The court engaged in what I will frankly characterize as an appalling discussion of why it is okay for a state to blatantly discriminate against children adopted by unmarried couples -- as opposed to children adopted by married couples -- by refusing to provide the prior category of children with birth certificates that accurately reflect their parents.  The explanation for this discrimination -- which seems to have recreated a distinction between "legitimate" and "illegitimate" children that was ruled unconstitutional by our United States Supreme Court back in the '70's --  is that "Louisiana may rationally conclude that having parenthood focused on a married couple or single individual -- not on the freely severable relationship of unmarried partners -- furthers the interests of adopted children."  Since issuing a birth certificate apparently evidences state approval (as opposed to simply recognition) of the adoption, and since Louisiana does not "approve" of adoptions by unmarried couples, they can refuse to do so.

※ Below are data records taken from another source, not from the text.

Set Implicit Arguments.
Unset Strict Implicit.
Unset Printing Implicit Defensive.

Lemma max_diam_ge n m (A : pdfa n m) (w : seq 'I_m) L :
  (forall w', expr A w' = expr A w -> L <= size w') -> L <= max_diam n m.
Proof.
move=> shortest; have ex : expressed A (expr A w) by exists w.
have : L <= depth A (expr A w).
  rewrite /depth; case: pselect => [h|[]]; last first.
    by exists (size w); apply/existsP; exists (in_tuple w).
  by case: (ex_minnP h) => l /existsP [t /eqP tw] _; rewrite -(size_tuple t) shortest.
move/leq_trans; apply; apply: (leq_trans _ (leq_bigmax A)).
by rewrite /diameter; apply: (leq_bigmax_cond (F := depth A)); exact: asboolT.
Qed.

Definition step (k p x : nat) : option nat :=
  if x == 0 then
    if p < 4 * k.+1 then Some (if p < 4 * k then p + 4 else p - 4 * k)
    else if p == 4 * k.+1 then Some (4 * k.+1).+1 else None
  else if p < 4 then None
  else if p < 4 * k then Some p
  else if p < 4 * k.+1 then Some p.+1
  else if p == (4 * k.+1).+1 then Some 0 else None.

Definition level k p := if p < 4 * k.+1 then p %/ 4 else if p == 4 * k.+1 then k else 0.
Definition counter k p := if p < 4 * k.+1 then p %% 4 else 4.

Ltac case_innermost_if :=
  match goal with |- context [if ?c then _ else _] =>
    lazymatch c with context [if _ then _ else _] => fail | _ =>
      let E := fresh "E" in case E: c; [ | move/negbT: E => E] end end.

Lemma step_a_inv k p p' : 0 < k -> p < 4 * k + 6 -> step k p 0 = Some p' ->
  [/\ p' < 4 * k + 6, level k p' = (if level k p == k then 0 else (level k p).+1)
    & counter k p' = counter k p].
Proof.
move=> k0 hp; unfold step, level, counter.
repeat case_innermost_if => //; case=> ?; subst p'; repeat case_innermost_if; split; lia.
Qed.
Lemma nf_gpow_grows h h0 w en rn e1 :
  nf h = (h0, w ++ [(en, rn)]) -> head_letter (w ++ [(en, rn)]) = Some e1 ->
  ~ (e1 = negb en /\ in_gen a b en (rn ** h0)) ->
  forall n, exists p L, nf (gpow h (S n)) = (h0 ** p, L) /\
    in_gen a b (negb e1) p /\ head_letter L = Some e1 /\ S n <= length L.
Proof.
  intros Eh He1 Hcyc.
  assert (Hred : reduced_word a b (w ++ [(en, rn)])).
  { apply normal_word_reduced. pose proof (normal_word_nf h) as Hn. now rewrite Eh in Hn. }
  induction n as [|n (p & L & EL & Hp & HL & Hlen)].
  - exists gone, (w ++ [(en, rn)]). simpl. rewrite !mulg1, Eh.
    rewrite length_app. simpl. repeat split; auto using in_gen1. lia.
  - change (gpow h (S (S n))) with (h ** gpow h (S n)).
    rewrite nf_mul, Eh, EL. simpl.
    destruct (word_act_reduced a b w en rn (h0 ** p) L Hred) as (p' & L' & -> & HL' & Hp').
    { intros [Hin Hhd]. apply Hcyc. rewrite HL in Hhd. injection Hhd as ->. split; [reflexivity|].
      rewrite Bool.negb_involutive in Hp.
      apply (in_genMr _ _ _ _ p); [now rewrite <- mulgA | exact Hp]. }
    exists p', (L' ++ (en, coset_rep a b en (rn ** (h0 ** p))) :: L).
    unfold nf_lmul. simpl. repeat split; auto.
    + rewrite <- He1. now apply head_letter_app_cons.
    + rewrite length_app. simpl. lia.
Qed.
Section BaseVertex.
Variables (x0 : V) (x0c : x0 \in c).
Local Notation m := (count_mem x0 w).
Local Notation k := (count_mem x0 u).

Lemma count_wpow_balanced z : count_mem z (wpow u m) = count_mem z (wpow w k).
Proof.
rewrite !count_wpow; have [zc|zNc] := boolP (z \in c).
  by rewrite (cnt_u zc x0c) (cnt_w zc x0c) mulnC.
have [zu zw] : z \notin u /\ z \notin w by split; apply: contra zNc; [apply: uc | apply: wc].
by rewrite (count_memPn zu) (count_memPn zw) !muln0.
Qed.

Lemma proj_next_wpow_eq x : x \in c ->
  proj x (next c x) (wpow u m) = proj x (next c x) (wpow w k).
Proof.
move=> xc; set y := next c x.
have xy : x != y by rewrite eq_sym (next_neq e_irr c_cycle).
have proj_ne s : 0 < count_mem x s -> proj x y s != [::].
  by rewrite -(count_projl x y); apply: contraTneq => ->.
apply: (alternating_eq (all_proj _ _ _) (all_proj _ _ _)).
- apply: (proj_next_alternating c_uniq c_chordless _ xc (reduced_twt_free (u_red m))).
  by move=> t /mem_wpow /uc.
- apply: (proj_next_alternating c_uniq c_chordless _ xc (reduced_twt_free (w_red k))).
  by move=> t /mem_wpow /wc.
- rewrite !proj_wpow !head_wpow ?pos_u ?pos_w //.
  apply: (alternating_head_eq (y := y)); rewrite ?proj_ne ?pos_u ?pos_w //.
  + by rewrite -filter_cat all_proj.
  + rewrite -filter_cat; apply: (proj_next_alternating c_uniq c_chordless _ xc uu_free).
    by move=> t; rewrite mem_cat orbb => /uc.
  + rewrite -filter_cat; apply: (proj_next_alternating c_uniq c_chordless _ xc uw_free).
    by move=> t; rewrite mem_cat => /orP[/uc|/wc].
- by rewrite !size_proj // !count_wpow_balanced.
Qed.

Lemma cycle_wpow_eq : wpow u m = wpow w k.
Proof.
have out z : z \notin c -> z \notin wpow u m /\ z \notin wpow w k.
  by move=> zNc; split; apply: contra zNc => /mem_wpow; [apply: uc | apply: wc].
have diag z : proj z z (wpow u m) = proj z z (wpow w k).
  by rewrite !proj_diag count_wpow_balanced.
apply: (lex_normal_proj_inj rk_inj (reduced_lex_normal (u_red _))).
  exact: reduced_lex_normal (w_red _).
move=> x y.
have [xc|/out[xu xw]] := boolP (x \in c); last by rewrite !proj_notin.
have [yc|/out[yu yw]] := boolP (y \in c); last by rewrite projC (projC x) !proj_notin.
case/or3P=> [/eqP<- //|exy|eyx].
  by rewrite (c_chordless xc yc exy) proj_next_wpow_eq.
by rewrite projC (projC x) (c_chordless yc xc eyx) proj_next_wpow_eq.
Qed.

End BaseVertex.

Lemma cycle_words_commensurable : exists2 m, 0 < m & exists k, wpow u m = wpow w k.
Proof.
have [x0 x0u] : exists x0, x0 \in u by case: (u) u_ne => // x0 ? _; exists x0; rewrite mem_head.
have x0c := uc x0u.
by exists (count_mem x0 w); [apply: pos_w | exists (count_mem x0 u); apply: cycle_wpow_eq].
Qed.

End CycleWords.

Lemma cycle_vertex_mem (V : finType) (e : rel V) c x :
  is_cycle e c -> x \in c -> cycle_vertex e x.
Proof.
move=> c_cyc xc; have /andP[/andP[_ c_uniq] _] := c_cyc.
have c_le : size c < #|V|.+1 by rewrite ltnS -(card_uniqP c_uniq) max_card.
by apply/existsP; exists (Ordinal c_le); apply/existsP; exists (in_tuple c); rewrite c_cyc xc.
Qed.

Section CycleOrder.
Variables (V : finType) (e : rel V) (cs : seq (seq V)) (rk : V -> nat).
Hypothesis cs_all : forall c, is_cycle e c -> exists2 d, d \in cs & same_cycle d c.
Hypothesis ord_cyc1 : forall j m x y, j < m -> x \in nth [::] cs j -> y \in nth [::] cs m ->
  rk x < rk y.
Hypothesis ord_cyc3 : forall x y, cycle_vertex e x -> ~~ cycle_vertex e y -> rk x < rk y.

Lemma rank_above_cycle c x y z : c \in cs -> is_cycle e c -> x \notin c -> y \in c -> z \in c ->
  rk y <= rk x -> rk z < rk x.
Proof.
move=> c_in c_cyc xNc yc zc yx.
have [/existsP[n /existsP[t /andP[t_cyc xt]]]|xNcyc] := boolP (cycle_vertex e x); last first.
  exact: ord_cyc3 (cycle_vertex_mem c_cyc zc) xNcyc.
have [d d_in [r Et]] := cs_all t_cyc.
have xd : x \in d by rewrite -(mem_rot r) -Et.
have [Ed Ec] : nth [::] cs (index d cs) = d /\ nth [::] cs (index c cs) = c by rewrite !nth_index.
case: (ltngtP (index d cs) (index c cs)) => [dc|cd|Edc].
- by have := @ord_cyc1 _ _ x y dc; rewrite Ed Ec ltnNge yx => /(_ xd yc).
- by have := @ord_cyc1 _ _ z x cd; rewrite Ed Ec; apply.
- by move: xNc; rewrite -Ec -Edc Ed xd.
Qed.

(3) EGG DONATION LAW SUIT: As if these two major decisions weren't enough to digest in one week, I arrived in my office this morning to word that a class action lawsuit has just been filed in the United States District Court for the Northern District of California challenging the efforts of the American Society for Reproductive Medicine (ASRM) and the Society for Assisted Reproductive Technology (SART) to set maximum compensation parameters for commercial egg donation.  According to the complaint, ASRM and SART are engaging in "price fixing" in violation of federal anti-trust laws.  Questions posed by the complaint include: "Whether Defendant Class Members engaged in a contract, combination or conspiracy among themselves to fix, maintain, or stabilize the price of Donor Services in the United States?"  The plaintiffs acknowledge that the purpose of the ASRM guidelines is to assure that the financial incentives young women are offered to engage in egg donation "should not be so excessive as to constitute undue inducement."

The area of egg donation is rife with ethical dilemmas.  Now we have to think about this new dilemma -- whether a "free market economy" approach to tissue donation is appropriate and, if not, how to control this process without violating anti-trust laws.  Stay tuned for updates as this plays out.

It's only Thursday.  Could there possibly be more to come??